=== EXCERPTED RECORDS ===

(* For every finite set of ground terms $\Gamma$ and ground term $M$, the judgment $\Gamma\vdash M$ is provable in the natural deduction system $\mathcal N$ under theory $E$ if and only if the sequent $\downarrow\Gamma\vdash\downarrow M$ is provable in the sequent system $\mathcal D$.
   Context: Fix names, variables and constructors $\mathsf{pub}$ (unary), $\mathsf{sign},\mathsf{blind},\langle\cdot,\cdot\rangle,\{\cdot\}_\cdot$ (binary). Let $E$ be the union of AC-convergent equational theories $E_1,\dots,E_n$ with pairwise disjoint signatures $\Sigma_{E_i}$, disjoint from the constructors, each containing at most one associative-commutative (AC) binary symbol $\oplus_i$; $E$ is presented by a rewrite system $R_E$ terminating and confluent modulo AC; $\Sigma_E=\bigcup_i\Sigma_{E_i}$. Terms: names, variables, $\mathsf{pub}(M)$, $\mathsf{sign}(M,N)$, $\mathsf{blind}(M,N)$, $\langle M,N\rangle$, $\{M\}_N$, $g(M_1,\dots,M_j)$, $g\in\Sigma_E$. $\equiv$: equality modulo AC of all $\oplus_i$; $\approx_E$: equality modulo $E$; $\downarrow M$: $R_E$-normal form modulo AC; $\downarrow\Gamma$ elementwise. Guarded term: name, variable, or headed by a constructor. $E_i$-context: term with holes built only from symbols of $\Sigma_{E_i}$. A subterm occurrence $N$ of $M$ is a cross-theory subterm if headed by a symbol of some $\Sigma_{E_i}$ and it is an immediate argument of a subterm of $M$ headed by a symbol of $\Sigma_{E_j}$, $j\ne i$. $\Gamma,M$ means $\Gamma\cup\{M\}$. System $\mathcal N$: ($id$) $\Gamma\vdash M$ if $M\in\Gamma$; ($e_E$) from $\Gamma\vdash\{M\}_K$, $\Gamma\vdash K$ infer $\Gamma\vdash M$; ($e_I$) from $\Gamma\vdash M$, $\Gamma\vdash K$ infer $\Gamma\vdash\{M\}_K$; ($p_E$) from $\Gamma\vdash\langle M,N\rangle$ infer $\Gamma\vdash M$ and also $\Gamma\vdash N$; ($p_I$) from $\Gamma\vdash M,\Gamma\vdash N$ infer $\Gamma\vdash\langle M,N\rangle$; ($\mathsf{sign}_E$) from $\Gamma\vdash\mathsf{sign}(M,K)$, $\Gamma\vdash\mathsf{pub}(K)$ infer $\Gamma\vdash M$; ($\mathsf{sign}_I$) from $\Gamma\vdash M,\Gamma\vdash K$ infer $\Gamma\vdash\mathsf{sign}(M,K)$; ($\mathsf{blind}_{E1}$) from $\Gamma\vdash\mathsf{blind}(M,K)$, $\Gamma\vdash K$ infer $\Gamma\vdash M$; ($\mathsf{blind}_I$) from $\Gamma\vdash M,\Gamma\vdash K$ infer $\Gamma\vdash\mathsf{blind}(M,K)$; ($\mathsf{blind}_{E2}$) from $\Gamma\vdash\mathsf{sign}(\mathsf{blind}(M,R),K)$, $\Gamma\vdash R$ infer $\Gamma\vdash\mathsf{sign}(M,K)$; ($g_I$, $g\in\Sigma_E$) from $\Gamma\vdash M_1,\dots,\Gamma\vdash M_j$ infer $\Gamma\vdash g(M_1,\dots,M_j)$; ($\approx$) from $\Gamma\vdash N$ infer $\Gamma\vdash M$ if $M\approx_E N$. System $\mathcal D$ (sequents with all terms in normal form): ($id_{E_i}$, each $i$) $\Gamma\vdash M$ with no premise if $M\approx_E C[M_1,\dots,M_k]$ for an $E_i$-context $C$ and $M_l\in\Gamma$; (cut) from $\Gamma\vdash M$, $\Gamma,M\vdash T$ infer $\Gamma\vdash T$; ($p_L$) from $\Gamma,\langle M,N\rangle,M,N\vdash T$ infer $\Gamma,\langle M,N\rangle\vdash T$; ($p_R$) from $\Gamma\vdash M,\Gamma\vdash N$ infer $\Gamma\vdash\langle M,N\rangle$; ($e_L$) from $\Gamma,\{M\}_K\vdash K$ and $\Gamma,\{M\}_K,M,K\vdash N$ infer $\Gamma,\{M\}_K\vdash N$; ($e_R$) from $\Gamma\vdash M,\Gamma\vdash K$ infer $\Gamma\vdash\{M\}_K$; ($\mathsf{sign}_L$) from $\Gamma,\mathsf{sign}(M,K),\mathsf{pub}(L),M\vdash N$ infer $\Gamma,\mathsf{sign}(M,K),\mathsf{pub}(L)\vdash N$ if $K\equiv L$; ($\mathsf{sign}_R$) from $\Gamma\vdash M,\Gamma\vdash K$ infer $\Gamma\vdash\mathsf{sign}(M,K)$; ($\mathsf{blind}_{L1}$) from $\Gamma,\mathsf{blind}(M,K)\vdash K$ and $\Gamma,\mathsf{blind}(M,K),M,K\vdash N$ infer $\Gamma,\mathsf{blind}(M,K)\vdash N$; ($\mathsf{blind}_R$) from $\Gamma\vdash M,\Gamma\vdash K$ infer $\Gamma\vdash\mathsf{blind}(M,K)$; ($\mathsf{blind}_{L2}$) from $\Gamma,\mathsf{sign}(\mathsf{blind}(M,R),K)\vdash R$ and $\Gamma,\mathsf{sign}(\mathsf{blind}(M,R),K),\mathsf{sign}(M,K),R\vdash N$ infer $\Gamma,\mathsf{sign}(\mathsf{blind}(M,R),K)\vdash N$; ($gs$) from $\Gamma\vdash A$, $\Gamma,A\vdash M$ infer $\Gamma\vdash M$ if $A$ is a guarded subterm of a term in $\Gamma\cup\{M\}$; ($cs$) from $\Gamma\vdash N$, $\Gamma,N\vdash M$ infer $\Gamma\vdash M$ if $N$ is a cross-theory subterm of a term in $\Gamma\cup\{M\}$. *)

From Stdlib Require Import List Relations.
Import ListNotations.
Set Implicit Arguments.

===

PROBLEM DETAILS » Your task is to reproduce all the data exactly as shown.

ANSWER SECTION »
(* For every finite set of ground terms $\Gamma$ and ground term $M$, the judgment $\Gamma\vdash M$ is provable in the natural deduction system $\mathcal N$ under theory $E$ if and only if the sequent $\downarrow\Gamma\vdash\downarrow M$ is provable in the sequent system $\mathcal D$.
   Context: Fix names, variables and constructors $\mathsf{pub}$ (unary), $\mathsf{sign},\mathsf{blind},\langle\cdot,\cdot\rangle,\{\cdot\}_\cdot$ (binary). Let $E$ be the union of AC-convergent equational theories $E_1,\dots,E_n$ with pairwise disjoint signatures $\Sigma_{E_i}$, disjoint from the constructors, each containing at most one associative-commutative (AC) binary symbol $\oplus_i$; $E$ is presented by a rewrite system $R_E$ terminating and confluent modulo AC; $\Sigma_E=\bigcup_i\Sigma_{E_i}$. Terms: names, variables, $\mathsf{pub}(M)$, $\mathsf{sign}(M,N)$, $\mathsf{blind}(M,N)$, $\langle M,N\rangle$, $\{M\}_N$, $g(M_1,\dots,M_j)$, $g\in\Sigma_E$. $\equiv$: equality modulo AC of all $\oplus_i$; $\approx_E$: equality modulo $E$; $\downarrow M$: $R_E$-normal form modulo AC; $\downarrow\Gamma$ elementwise. Guarded term: name, variable, or headed by a constructor. $E_i$-context: term with holes built only from symbols of $\Sigma_{E_i}$. A subterm occurrence $N$ of $M$ is a cross-theory subterm if headed by a symbol of some $\Sigma_{E_i}$ and it is an immediate argument of a subterm of $M$ headed by a symbol of $\Sigma_{E_j}$, $j\ne i$. $\Gamma,M$ means $\Gamma\cup\{M\}$. System $\mathcal N$: ($id$) $\Gamma\vdash M$ if $M\in\Gamma$; ($e_E$) from $\Gamma\vdash\{M\}_K$, $\Gamma\vdash K$ infer $\Gamma\vdash M$; ($e_I$) from $\Gamma\vdash M$, $\Gamma\vdash K$ infer $\Gamma\vdash\{M\}_K$; ($p_E$) from $\Gamma\vdash\langle M,N\rangle$ infer $\Gamma\vdash M$ and also $\Gamma\vdash N$; ($p_I$) from $\Gamma\vdash M,\Gamma\vdash N$ infer $\Gamma\vdash\langle M,N\rangle$; ($\mathsf{sign}_E$) from $\Gamma\vdash\mathsf{sign}(M,K)$, $\Gamma\vdash\mathsf{pub}(K)$ infer $\Gamma\vdash M$; ($\mathsf{sign}_I$) from $\Gamma\vdash M,\Gamma\vdash K$ infer $\Gamma\vdash\mathsf{sign}(M,K)$; ($\mathsf{blind}_{E1}$) from $\Gamma\vdash\mathsf{blind}(M,K)$, $\Gamma\vdash K$ infer $\Gamma\vdash M$; ($\mathsf{blind}_I$) from $\Gamma\vdash M,\Gamma\vdash K$ infer $\Gamma\vdash\mathsf{blind}(M,K)$; ($\mathsf{blind}_{E2}$) from $\Gamma\vdash\mathsf{sign}(\mathsf{blind}(M,R),K)$, $\Gamma\vdash R$ infer $\Gamma\vdash\mathsf{sign}(M,K)$; ($g_I$, $g\in\Sigma_E$) from $\Gamma\vdash M_1,\dots,\Gamma\vdash M_j$ infer $\Gamma\vdash g(M_1,\dots,M_j)$; ($\approx$) from $\Gamma\vdash N$ infer $\Gamma\vdash M$ if $M\approx_E N$. System $\mathcal D$ (sequents with all terms in normal form): ($id_{E_i}$, each $i$) $\Gamma\vdash M$ with no premise if $M\approx_E C[M_1,\dots,M_k]$ for an $E_i$-context $C$ and $M_l\in\Gamma$; (cut) from $\Gamma\vdash M$, $\Gamma,M\vdash T$ infer $\Gamma\vdash T$; ($p_L$) from $\Gamma,\langle M,N\rangle,M,N\vdash T$ infer $\Gamma,\langle M,N\rangle\vdash T$; ($p_R$) from $\Gamma\vdash M,\Gamma\vdash N$ infer $\Gamma\vdash\langle M,N\rangle$; ($e_L$) from $\Gamma,\{M\}_K\vdash K$ and $\Gamma,\{M\}_K,M,K\vdash N$ infer $\Gamma,\{M\}_K\vdash N$; ($e_R$) from $\Gamma\vdash M,\Gamma\vdash K$ infer $\Gamma\vdash\{M\}_K$; ($\mathsf{sign}_L$) from $\Gamma,\mathsf{sign}(M,K),\mathsf{pub}(L),M\vdash N$ infer $\Gamma,\mathsf{sign}(M,K),\mathsf{pub}(L)\vdash N$ if $K\equiv L$; ($\mathsf{sign}_R$) from $\Gamma\vdash M,\Gamma\vdash K$ infer $\Gamma\vdash\mathsf{sign}(M,K)$; ($\mathsf{blind}_{L1}$) from $\Gamma,\mathsf{blind}(M,K)\vdash K$ and $\Gamma,\mathsf{blind}(M,K),M,K\vdash N$ infer $\Gamma,\mathsf{blind}(M,K)\vdash N$; ($\mathsf{blind}_R$) from $\Gamma\vdash M,\Gamma\vdash K$ infer $\Gamma\vdash\mathsf{blind}(M,K)$; ($\mathsf{blind}_{L2}$) from $\Gamma,\mathsf{sign}(\mathsf{blind}(M,R),K)\vdash R$ and $\Gamma,\mathsf{sign}(\mathsf{blind}(M,R),K),\mathsf{sign}(M,K),R\vdash N$ infer $\Gamma,\mathsf{sign}(\mathsf{blind}(M,R),K)\vdash N$; ($gs$) from $\Gamma\vdash A$, $\Gamma,A\vdash M$ infer $\Gamma\vdash M$ if $A$ is a guarded subterm of a term in $\Gamma\cup\{M\}$; ($cs$) from $\Gamma\vdash N$, $\Gamma,N\vdash M$ infer $\Gamma\vdash M$ if $N$ is a cross-theory subterm of a term in $\Gamma\cup\{M\}$. *)

From Stdlib Require Import List Relations.
Import ListNotations.
Set Implicit Arguments.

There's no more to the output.